Lemma incl_flow_edge k (x y : P) : flow_edge k (f x) (f y) = flow_edge k x y.
Proof.
rewrite /flow_edge !incl_flow_vertex; case: k => [m|m] /=; last by rewrite !setI0 !eqxx.
by rewrite -!incl_Delta -imsetI ?imset_eq0 // => u v _ _; apply: f_inj.
Qed.

Lemma incl_image_down (w : Q) (x : P) : ole w (f x) -> w \in f @: [set: P].
Proof. by case/incl_below => u -> _; apply: imset_f. Qed.

Lemma dimS_incl : dimS [set: P] <= dimS [set: Q].
Proof.
apply/bigmax_leqP => x _; rewrite -incl_odim.
exact: (leq_bigmax_cond (P := fun y => y \in [set: Q])).
Qed.

End Inclusion.

Lemma inclusion_comp (A B C : ogpos) (f : A -> B) (g : B -> C) :
  inclusion f -> inclusion g -> inclusion (g \o f).
Proof.
move=> [map_f f_inj] [map_g g_inj]; split=> [x a n|]; last exact: inj_comp.
by rewrite imset_comp map_f map_g.
Qed.

Lemma submol_inclusion (V U : ogpos) (i : V -> U) : submol i -> inclusion i.
Proof.
elim=> {V U i} [V U f _ _ [] //|k U V W iU iV _ _ _ []|k U V W iU iV _ _ _ []|] //.
by move=> A B C f g _ incl_f _ incl_g; apply: inclusion_comp.
Qed.

Lemma path_fwd_closed (T : Type) (e : rel T) (S : pred T) x s :
  (forall a b, S a -> e a b -> S b) -> S x -> path e x s -> all S s.
Proof.
move=> closed_S; elim: s x => //= y s IH x S_x /andP [e_xy path_y].
by have S_y := closed_S _ _ S_x e_xy; rewrite S_y (IH y).
Qed.

Lemma path_bwd_closed (T : Type) (e : rel T) (S : pred T) x s :
  (forall a b, e a b -> S b -> S a) -> path e x s -> S (last x s) -> all S (x :: s).
Proof.
move=> closed_S; elim: s x => /= [x _ -> //|y s IH x /andP [e_xy path_y] S_last].
by have /= /andP [S_y ->] := IH y path_y S_last; rewrite S_y (closed_S _ _ e_xy S_y).
Qed.

Lemma all_in_imset_map (T1 T2 : finType) (g : T1 -> T2) (D : {set T1}) s :
  all [in g @: D] s -> exists2 s', s = map g s' & all [in D] s'.
Proof.
elim: s => [|z s IH] /=; first by exists [::].
case/andP => /imsetP [u D_u ->] /IH [s' -> D_s']; exists (u :: s') => //=.
by rewrite D_u.
Qed.

Lemma path_flow_vertex (P : ogpos) k (x : P) s :
  path (flow_edge k) x s -> all (flow_vertex k) s.
Proof. by elim: s x => //= y s IH x /andP [/and3P [_ -> _] /IH]. Qed.

Section FlowGraph.
Variables (P Q : ogpos) (i : P -> Q) (k : int).
Hypothesis incl_i : inclusion i.

Local Notation vertices := [set v | flow_vertex k v].

Lemma all_in_image_vertices (x : Q) s : path (flow_edge k) x s ->
  all [in i @: [set: P]] s -> all [in i @: vertices] s.
Proof.
move=> /path_flow_vertex /allP vert_s /allP img_s; apply/allP => z z_s.
have /imsetP [v _ eq_z] := img_s z z_s.
by rewrite eq_z imset_f // inE -(incl_flow_vertex incl_i) -eq_z vert_s.
Qed.

Lemma path_induced_surj :
  i @: [set: P] = [set: Q] -> path_induced (flow_edge k) (i @: vertices).
Proof.
move=> surj_i x y _ _ s path_s _; apply: all_in_image_vertices path_s _.
by apply/allP => z _; rewrite surj_i.
Qed.

End FlowGraph.

Section Paste.
Variables (j : nat) (U V W : ogpos) (iU : U -> W) (iV : V -> W).
Hypothesis paste_W : is_paste j iU iV.

Let incl_U : inclusion iU. Proof. by case: paste_W. Qed.
Let incl_V : inclusion iV. Proof. by case: paste_W. Qed.

Lemma paste_cover w : w \in iU @: [set: U] \/ w \in iV @: [set: V].
Proof. by case: paste_W => _ _ cover _ _; apply/setUP; rewrite cover. Qed.

Lemma paste_no_flow_back m (v : V) (u : U) :
  j <= m -> flow_edge (Posz m) (iV v) (iU u) = false.
Proof.
case: paste_W => _ _ _ meet glue le_jm; apply/negbTE/negP => /and3P [vert_v _].
case/set0Pn => z; rewrite inE /= -(incl_Delta incl_V) => /andP [/imsetP [v' out_v' ->]].
rewrite inE in_cl1 => /andP [/(incl_image_down incl_U) img_v' _].
have : iV v' \in iU @: [set: U] :&: iV @: [set: V] by rewrite inE img_v' imset_f.
rewrite meet glue mem_imset; last by case: incl_V.
have dim_v' : odim v' = m by move: out_v'; rewrite inE => /and3P [_ /eqP].
move: le_jm; rewrite leq_eqVlt => /orP [/eqP eq_jm|lt_jm]; last first.
  by move/bd_odim; rewrite dim_v' leqNgt lt_jm.
rewrite -eq_jm in out_v' vert_v; have lt_jv : j < odim v.
  by move: vert_v; rewrite /flow_vertex ltz_nat (incl_odim incl_V).
exact: (negP (Delta_plus_notin_bd_minus lt_jv out_v')).
Qed.

Lemma paste_imset_U : dimS [set: V] <= j -> iU @: [set: U] = [set: W].
Proof.
case: paste_W => _ _ _ _ glue dim_V; apply/setP => w; rewrite inE.
have [//|/imsetP [v _ ->]] := paste_cover w.
have : iV v \in iV @: bd false j [set: V].
  rewrite bd_setT ?imset_f // => x; apply: leq_trans dim_V.
  exact: (leq_bigmax_cond (P := fun y => y \in [set: V])).
by rewrite -glue => /imsetP [u _ ->]; apply: imset_f.
Qed.

Lemma paste_imset_V : dimS [set: U] <= j -> iV @: [set: V] = [set: W].
Proof.
case: paste_W => _ _ _ _ glue dim_U; apply/setP => w; rewrite inE.
have [/imsetP [u _ ->]|//] := paste_cover w.
have : iU u \in iU @: bd true j [set: U].
  rewrite bd_setT ?imset_f // => x; apply: leq_trans dim_U.
  exact: (leq_bigmax_cond (P := fun y => y \in [set: U])).
by rewrite glue => /imsetP [v _ ->]; apply: imset_f.
Qed.

Lemma path_induced_paste_l m : dimS [set: W] <= m.+1 ->
  path_induced (flow_edge (Posz m)) (iU @: [set u | flow_vertex (Posz m) u]).
Proof.
move=> dim_W; have [lt_mj|le_jm] := ltnP m j.
  apply: path_induced_surj incl_U _; apply: paste_imset_U.
  exact: leq_trans (dimS_incl incl_V) (leq_trans dim_W lt_mj).
move=> x y _ /imsetP [u _ ->] s path_s last_s.
apply: (all_in_image_vertices incl_U path_s).
have /andP [] // : all [in iU @: [set: U]] (x :: s).
apply: path_bwd_closed path_s _; last by rewrite last_s imset_f.
move=> a b e_ab /imsetP [u' _ eq_b]; have [//|/imsetP [v _ eq_a]] := paste_cover a.
by move: e_ab; rewrite eq_a eq_b paste_no_flow_back.
Qed.
Lemma lexlt_comp_of_des_first_diff n (P Q : pred nat) t :
  0 < t < n -> P t -> ~~ Q t -> {in iota 1 t.-1, P =1 Q} ->
  lexlt (comp_of_des n [seq i <- iota 1 n.-1 | P i])
        (comp_of_des n [seq i <- iota 1 n.-1 | Q i]).
Proof.
move=> /andP[t_gt0 t_lt_n] Pt nQt PQ.
have -> : iota 1 n.-1 = iota 1 t.-1 ++ t :: iota t.+1 (n.-1 - t).
  rewrite -cat_rcons -cats1 -iota1_split // -[t.+1](add1n t) -iotaD.
  by congr iota; lia.
rewrite !filter_cat /= Pt (negPf nQt) (eq_in_filter PQ).
rewrite /comp_of_des -!catA !pairmap_cat lexlt_catl.
set c := [seq i <- iota 1 t.-1 | Q i].
have last_c : last 0 c < t.
  have := mem_last 0 c; rewrite inE mem_filter mem_iota.
  by case/orP=> [/eqP -> //|/andP[_ /andP[_ lt_c]]]; apply: leq_trans lt_c _; lia.
case def_r : [seq i <- iota t.+1 (n.-1 - t) | Q i] => [|y r] /=; first lia.
have : y \in [seq i <- iota t.+1 (n.-1 - t) | Q i] by rewrite def_r mem_head.
by rewrite mem_filter mem_iota => /andP[_]; lia.
Qed.

Lemma lexlt_comp_of_des_count n (P Q : pred nat) :
  (forall x, x < n -> count Q (iota 1 x) <= count P (iota 1 x)) ->
  [seq i <- iota 1 n.-1 | P i] != [seq i <- iota 1 n.-1 | Q i] ->
  lexlt (comp_of_des n [seq i <- iota 1 n.-1 | P i])
        (comp_of_des n [seq i <- iota 1 n.-1 | Q i]).
Proof.
move=> count_QP neq_PQ.
have ex_diff : exists t, (0 < t < n) && (P t != Q t).
  have /hasP[t] : has (fun t => P t != Q t) (iota 1 n.-1).
    apply: contraNT neq_PQ => /hasPn same; apply/eqP/eq_in_filter => i /same.
    by case: (P i) (Q i) => [] [].
  by rewrite mem_iota1 => t_range diff_t; exists t; rewrite t_range.
case: (ex_minnP ex_diff) => t /andP[/andP[t_gt0 t_lt_n] diff_t] t_min.
have same_below : {in iota 1 t.-1, P =1 Q}.
  move=> i; rewrite mem_iota => i_range; apply/eqP; apply: contraTT isT => diff_i.
  by have := t_min i; rewrite diff_i andbT; lia.
have := count_QP t t_lt_n; rewrite iota1_split // !count_cat (eq_in_count same_below).
rewrite leq_add2l /= !addn0 => le_QP.
have [Pt nQt] : P t /\ ~~ Q t by move: diff_t le_QP; case: (P t) (Q t) => [] [].
by apply: (lexlt_comp_of_des_first_diff (t := t)); rewrite ?t_gt0.
Qed.

(** * Saillance factorizations *)

Lemma init_dom_head_max u x : init_dom u -> x \in u -> x <= head 0 u.
Proof.
by case: u => [|a t] //= /allP lt_a; rewrite inE => /orP[/eqP -> //|/lt_a/ltnW].
Qed.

TASK GOAL: Write out exactly the lines above between the line with "Lemma incl_image_down (w" and the line with "path (flow_edge k) x s -> all", inclusive, and nothing beyond them.

SOLUTION TO THE EXERCISE:
Lemma incl_image_down (w : Q) (x : P) : ole w (f x) -> w \in f @: [set: P].
Proof. by case/incl_below => u -> _; apply: imset_f. Qed.

Lemma dimS_incl : dimS [set: P] <= dimS [set: Q].
Proof.
apply/bigmax_leqP => x _; rewrite -incl_odim.
exact: (leq_bigmax_cond (P := fun y => y \in [set: Q])).
Qed.

End Inclusion.

Lemma inclusion_comp (A B C : ogpos) (f : A -> B) (g : B -> C) :
  inclusion f -> inclusion g -> inclusion (g \o f).
Proof.
move=> [map_f f_inj] [map_g g_inj]; split=> [x a n|]; last exact: inj_comp.
by rewrite imset_comp map_f map_g.
Qed.

Lemma submol_inclusion (V U : ogpos) (i : V -> U) : submol i -> inclusion i.
Proof.
elim=> {V U i} [V U f _ _ [] //|k U V W iU iV _ _ _ []|k U V W iU iV _ _ _ []|] //.
by move=> A B C f g _ incl_f _ incl_g; apply: inclusion_comp.
Qed.

Lemma path_fwd_closed (T : Type) (e : rel T) (S : pred T) x s :
  (forall a b, S a -> e a b -> S b) -> S x -> path e x s -> all S s.
Proof.
move=> closed_S; elim: s x => //= y s IH x S_x /andP [e_xy path_y].
by have S_y := closed_S _ _ S_x e_xy; rewrite S_y (IH y).
Qed.

Lemma path_bwd_closed (T : Type) (e : rel T) (S : pred T) x s :
  (forall a b, e a b -> S b -> S a) -> path e x s -> S (last x s) -> all S (x :: s).
Proof.
move=> closed_S; elim: s x => /= [x _ -> //|y s IH x /andP [e_xy path_y] S_last].
by have /= /andP [S_y ->] := IH y path_y S_last; rewrite S_y (closed_S _ _ e_xy S_y).
Qed.

Lemma all_in_imset_map (T1 T2 : finType) (g : T1 -> T2) (D : {set T1}) s :
  all [in g @: D] s -> exists2 s', s = map g s' & all [in D] s'.
Proof.
elim: s => [|z s IH] /=; first by exists [::].
case/andP => /imsetP [u D_u ->] /IH [s' -> D_s']; exists (u :: s') => //=.
by rewrite D_u.
Qed.

Lemma path_flow_vertex (P : ogpos) k (x : P) s :
  path (flow_edge k) x s -> all (flow_vertex k) s.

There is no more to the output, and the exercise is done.